…Астраханская гадалка напророчила его будущей матери невероятное — рождение поэта — летом 1917 года. Страшный тектонический разлом русской жизни. Февраль уже размыл бастионы, монарха подлостью и обманом уже вынудили отречься от престола. Вскоре девятый вал Октября разрушил страну окончательно. Империя погибла — и возродилась уже не той. Новая, советская, — уничтожила все старые сословия. Конечно не сразу (с маху это просто невозможно) — разорила и почти уничтожила крестьянство. Погибло крестьянство (в наше время дотлевают остатки) — но прежде заговорило, создало свою литературу. Дворянской — от Державина и Пушкина до Бунина — уже не осталось, отговорили тёмные аллеи усадеб. Но Русь не может молчать. Заговорила роща золотая: Есенин, Клюев, П. Васильев. И она потом отговорила, вырубленная красным топором. Другая Русь заговорила — мужичья. Сначала был Шолохов. (В «Тихом Доне» никакой «книжности». Почти все герои — простой люд, ни у одного классика прежде никогда такого не было. Все эпиграфы — из народных казачьих песен. В романе ни на грош интеллигентщины. Ну, а если мелькнула разок «книжность» (дневники молодого Листвицкого), так то нарочно, с усмешкой, если не с презрением, — чтобы показать, как чужеродно это выморочное сознание всем тем, кто живёт настоящей жизнью на земле.) Мужик — заговорил. Отучили его петь песни, которых ему прежде вполне доставало, отняли его письменную речь, которой владели дворяне, — и он сам начал писать. Русская поэзия тоже не вся пала в камерности Серебряного века и в камерах века Советского. Началась великая война в 1941 году — и с долгом ратным взвалил на себя русский мужик и долг песенный, поэтический. Так появился Твардовский. Потом, чтобы отпеть крестьянство, явились «деревенщики»: Белов, Астафьев, Носов, Распутин. Запел стихи Тряпкин, запел песни Рубцов. Но то песни… И вот появился Юрий Кузнецов, крестьянский внук и сын солдата, — и дала о себе знать, никем и ничем не убиенная, могучая русская поэтическая мысль. Та, что идёт от Автора «Слова о полку Игореве», от митрополита Илариона, от Державина, Пушкина, Тютчева, Боратынского.

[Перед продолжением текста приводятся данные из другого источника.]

(* Let $\mathbf M=(M,N)$ be a flag matroid of rank $(1,n-1)$ on $[n]$. The polytope $P_{\mathbf M}$ is contained in the boundary of $\Delta(1,n-1;n)$ if and only if there is no element $i\in[n]$ which is neither a loop of $M$ nor a coloop of $N$.
   Context: A flag matroid $(M,N)$ of rank $(1,n-1)$: $M$ a rank-1 matroid, $N$ a rank-$(n-1)$ matroid on $[n]$, every flat of $M$ being a flat of $N$. With $e_B=\sum_{i\in B}e_i$, $P_{\mathbf M}=\operatorname{conv}\{e_i:\{i\}\text{ basis of }M\}+\operatorname{conv}\{e_B:B\text{ basis of }N\}$, and $\Delta(1,n-1;n)$ is the polytope of the flag of uniform matroids $(U_{1,n},U_{n-1,n})$, i.e. $\Delta(1,n)+\Delta(n-1,n)$ where $\Delta(d,n)=\operatorname{conv}\{e_B:|B|=d\}$ (both may be translated by $-(1,\dots,1)$; boundary is taken relative to the affine hull of $\Delta(1,n-1;n)$). *)

From HB Require Import structures.
From mathcomp Require Import all_boot all_order all_algebra.
From mathcomp Require Import boolp classical_sets reals.
Set Implicit Arguments. Unset Strict Implicit. Unset Printing Implicit Defensive.
Import Order.TTheory GRing.Theory Num.Theory.
Local Open Scope ring_scope.
Local Open Scope classical_set_scope.

Record matroid (n : nat) := Matroid {
  bases : {set {set 'I_n}};
  bases_nonempty : bases != finset.set0;
  bases_exchange : forall B1 B2, B1 \in bases -> B2 \in bases ->
    forall x, x \in B1 :\: B2 ->
      exists2 y, y \in B2 :\: B1 & (y |: (B1 :\ x)) \in bases
}.

Definition mrank n (M : matroid n) (A : {set 'I_n}) : nat :=
  (\max_(B in bases M) #|A :&: B|)%N.

Definition matroid_rank n (M : matroid n) : nat := mrank M [set: 'I_n]%SET.

Definition is_flat n (M : matroid n) (F : {set 'I_n}) : Prop :=
  forall e, e \notin F -> (mrank M F < mrank M (e |: F))%N.

Definition is_loop n (M : matroid n) (i : 'I_n) : Prop :=
  forall B, B \in bases M -> i \notin B.

Definition is_coloop n (M : matroid n) (i : 'I_n) : Prop :=
  forall B, B \in bases M -> i \in B.

Definition is_flag n (M N : matroid n) : Prop :=
  forall F, is_flat M F -> is_flat N F.

Section Poly.
Variable R : realType.
Variable n : nat.

Definition vec := 'rV[R]_n.

Definition eB (B : {set 'I_n}) : vec := \row_i (if i \in B then 1 else 0).

Definition conv_eB (S : {set {set 'I_n}}) : set vec :=
  [set x | exists l : {set 'I_n} -> R,
      (forall B, 0 <= l B) /\ (forall B, B \notin S -> l B = 0) /\
      \sum_B l B = 1 /\ x = \sum_B l B *: eB B].

Definition msum (P Q : set vec) : set vec :=
  [set x | exists p q, P p /\ Q q /\ x = p + q].

Definition hypersimplex (d : nat) : set vec :=
  conv_eB (finset (fun B : {set 'I_n} => #|B| == d)).

Definition Delta_1_nm1 : set vec := msum (hypersimplex 1) (hypersimplex (n - 1)).

Definition flag_polytope (M N : matroid n) : set vec :=
  msum (conv_eB (bases M)) (conv_eB (bases N)).

Definition aff_hull (P : set vec) : set vec :=
  [set x | exists (k : nat) (p : 'I_k -> vec) (mu : 'I_k -> R),
      (forall j, P (p j)) /\ \sum_j mu j = 1 /\ x = \sum_j mu j *: p j].

Definition close (x y : vec) (e : R) : Prop := forall i, `|y 0 i - x 0 i| < e.

Definition rel_boundary (P : set vec) : set vec :=
  [set x | aff_hull P x /\ forall e : R, 0 < e ->
      (exists y, P y /\ close x y e) /\
      (exists y, aff_hull P y /\ ~ P y /\ close x y e)].
End Poly.

From HB Require Import structures.
From mathcomp Require Import all_boot all_order all_algebra.
From mathcomp Require Import boolp classical_sets reals.
From mathcomp Require Import lra zify.
Set Implicit Arguments. Unset Strict Implicit. Unset Printing Implicit Defensive.
Import Order.TTheory GRing.Theory Num.Theory.

(* For ranks (1, n-1), the bases of M are the singletons {i} with i not a loop
   of M, and the bases of N are the complements [n] \ {j} with j not a coloop
   of N.  If every element is a loop of M or a coloop of N, the non-loops A of M
   lie in every base of N, so on all of P_M the linear form sum_(i in A) x_i
   takes its maximum 1 + |A| over Delta(1,n-1;n); moving a point of P_M along
   e_a - e_b (a in A, b not in A) leaves Delta inside its affine hull.
   Conversely, an element i that is neither a loop of M nor a coloop of N is
   never the only one: otherwise the loops of M form a flat of M whose N-rank
   does not grow when i is added.  Two such elements i, j put
   (1,...,1) = (e_i + e_j + e_([n]\i) + e_([n]\j)) / 2 in P_M, and (1,...,1)
   is a relative interior point of Delta(1,n-1;n). *)

Section MatroidBases.
Variables (n : nat) (M : matroid n).

Lemma card_bases_leq B1 B2 : B1 \in bases M -> B2 \in bases M -> #|B1| <= #|B2|.
Proof.
move: {2}#|B1 :\: B2| (erefl #|B1 :\: B2|) => k.
elim: k B1 => [|k IHk] B1 cardD B1M B2M.
  by apply: subset_leq_card; rewrite -finset.setD_eq0 -cards_eq0 cardD.
have /set0Pn [x xB1B2] : B1 :\: B2 != finset.set0 by rewrite -card_gt0 cardD.
have [y yB2B1 B1'M] := bases_exchange B1M B2M xB1B2.
move: xB1B2 yB2B1; rewrite !inE => /andP [xB2 xB1] /andP [yB1 yB2].
have -> : #|B1| = #|y |: (B1 :\ x)|.
  by rewrite cardsU1 !inE (negbTE yB1) andbF (cardsD1 x B1) xB1.
apply: IHk B1'M B2M.
have -> : (y |: B1 :\ x) :\: B2 = (B1 :\: B2) :\ x.
  apply/setP => z; rewrite !inE.
  by case: (eqVneq z y) => [->|_] /=; rewrite ?yB2 ?andbF // andbCA.
by apply: succn_inj; rewrite -cardD (cardsD1 x (B1 :\: B2)) !inE xB2 xB1.
Qed.

Lemma card_base B : B \in bases M -> #|B| = matroid_rank M.
Proof.
move=> BM; apply/eqP; rewrite eqn_leq; apply/andP; split.
  by apply: leq_trans (leq_bigmax_cond _ BM); rewrite finset.setTI.
apply/bigmax_leqP => B' B'M; rewrite finset.setTI; exact: card_bases_leq.
Qed.

End MatroidBases.

Lemma rank1_base_set1 n (M : matroid n) B :
  matroid_rank M = 1 -> B \in bases M -> exists a, B = [set a].
Proof. by move=> rM BM; apply/cards1P; rewrite (card_base BM) rM. Qed.

Lemma rank1_loopP n (M : matroid n) i :
  matroid_rank M = 1 -> reflect (is_loop M i) ([set i] \notin bases M).
Proof.
move=> rM; apply: (iffP idP) => [iNM B BM | iloop]; last first.
  by apply/negP => /iloop; rewrite set11.
have [a Ba] := rank1_base_set1 rM BM.
by apply: contra iNM; rewrite Ba inE => /eqP ->; rewrite -Ba.
Qed.

Lemma corank1_base_eq_setC1 n (N : matroid n) B i :
  matroid_rank N = (n - 1)%N -> B \in bases N -> i \notin B -> B = ~: [set i].
Proof.
move=> rN BN iB; apply/eqP; rewrite eqEcard cardsC1 card_ord (card_base BN) rN subn1 leqnn andbT.
by apply/fintype.subsetP => k kB; rewrite !inE; apply: contraNneq iB => <-.
Qed.

Lemma corank1_base_setC1 n (N : matroid n) B :
  matroid_rank N = (n - 1)%N -> (0 < n)%N -> B \in bases N -> exists j, B = ~: [set j].
Proof.
move=> rN n_gt0 BN; have /set0Pn [j jNB] : ~: B != finset.set0.
  by rewrite -card_gt0; have := cardsC B; rewrite (card_base BN) rN card_ord; lia.
by exists j; apply: corank1_base_eq_setC1 rN BN _; rewrite inE in jNB.
Qed.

Но это пласт, так сказать, социальный.
Возьмём другой, что глубже, — религиозный. Кто в русской поэзии 19 века поднялся до духовной высоты державинской оды «Бог»? Нет ответа. Одинока и недосягаема та сияющая белоснежная вершина. Где-то рядом поздний Пушкин со своим последним циклом стихов, глубоко православных по духу. (Я не согласен с Ю. Кузнецовым, который сказал в «Воззрении», что небо Пушкина неправославно и в нём царит Аполлон с музами. Это касается разве что юного Пушкина.)
Итак, Золотой век русской литературы, русской поэзии. Могучая держава, твёрдые устои, в народе — глубокая, не рассудочная, а сердечная вера. Но высшее общество уже тронуто распадом, дворянство поражено масонской гнилью, вспенившейся в 1825 году на Сенатской площади. Чуткая к прогрессу словесность уже вольтерьянствует, поэты «шалят» с религией, играют в записные «афеи» (атеисты). Николаю I было ещё по силам «подморозить» Россию, но после него дух стал стремительно падать. Разночинная чернь изъела благородное золото века. Лишь Достоевский по-настоящему прозрел, ожидая казнь на плацу. То будущее России, что ему впоследствии открылось в пророческих видениях, было ужасом и гибелью всего самого заветного и катастрофой для народа. Но никто уже всерьёз не слушал и не понимал его пророчеств…
В следующем, Серебряном веке уже не шутки шутили с Богом, а напрямую и всяким способом заигрывали с дьяволом. Добивались его расположения. И добились. Жеманничали при этом: «Кокаина серебряной пылью / Мою молодость вдаль унесло…» Не этой ли пылью посеребрён Серебряный век русской литературы? Тютчевское «не плоть, а дух растлился в наши дни» зазвучало как нечто старомодное: всё растлилось, и весьма охотно. Богохульство, а потом и остервенелое кощунство превратилось в норму (особенно хамским это было у раннего Маяковского).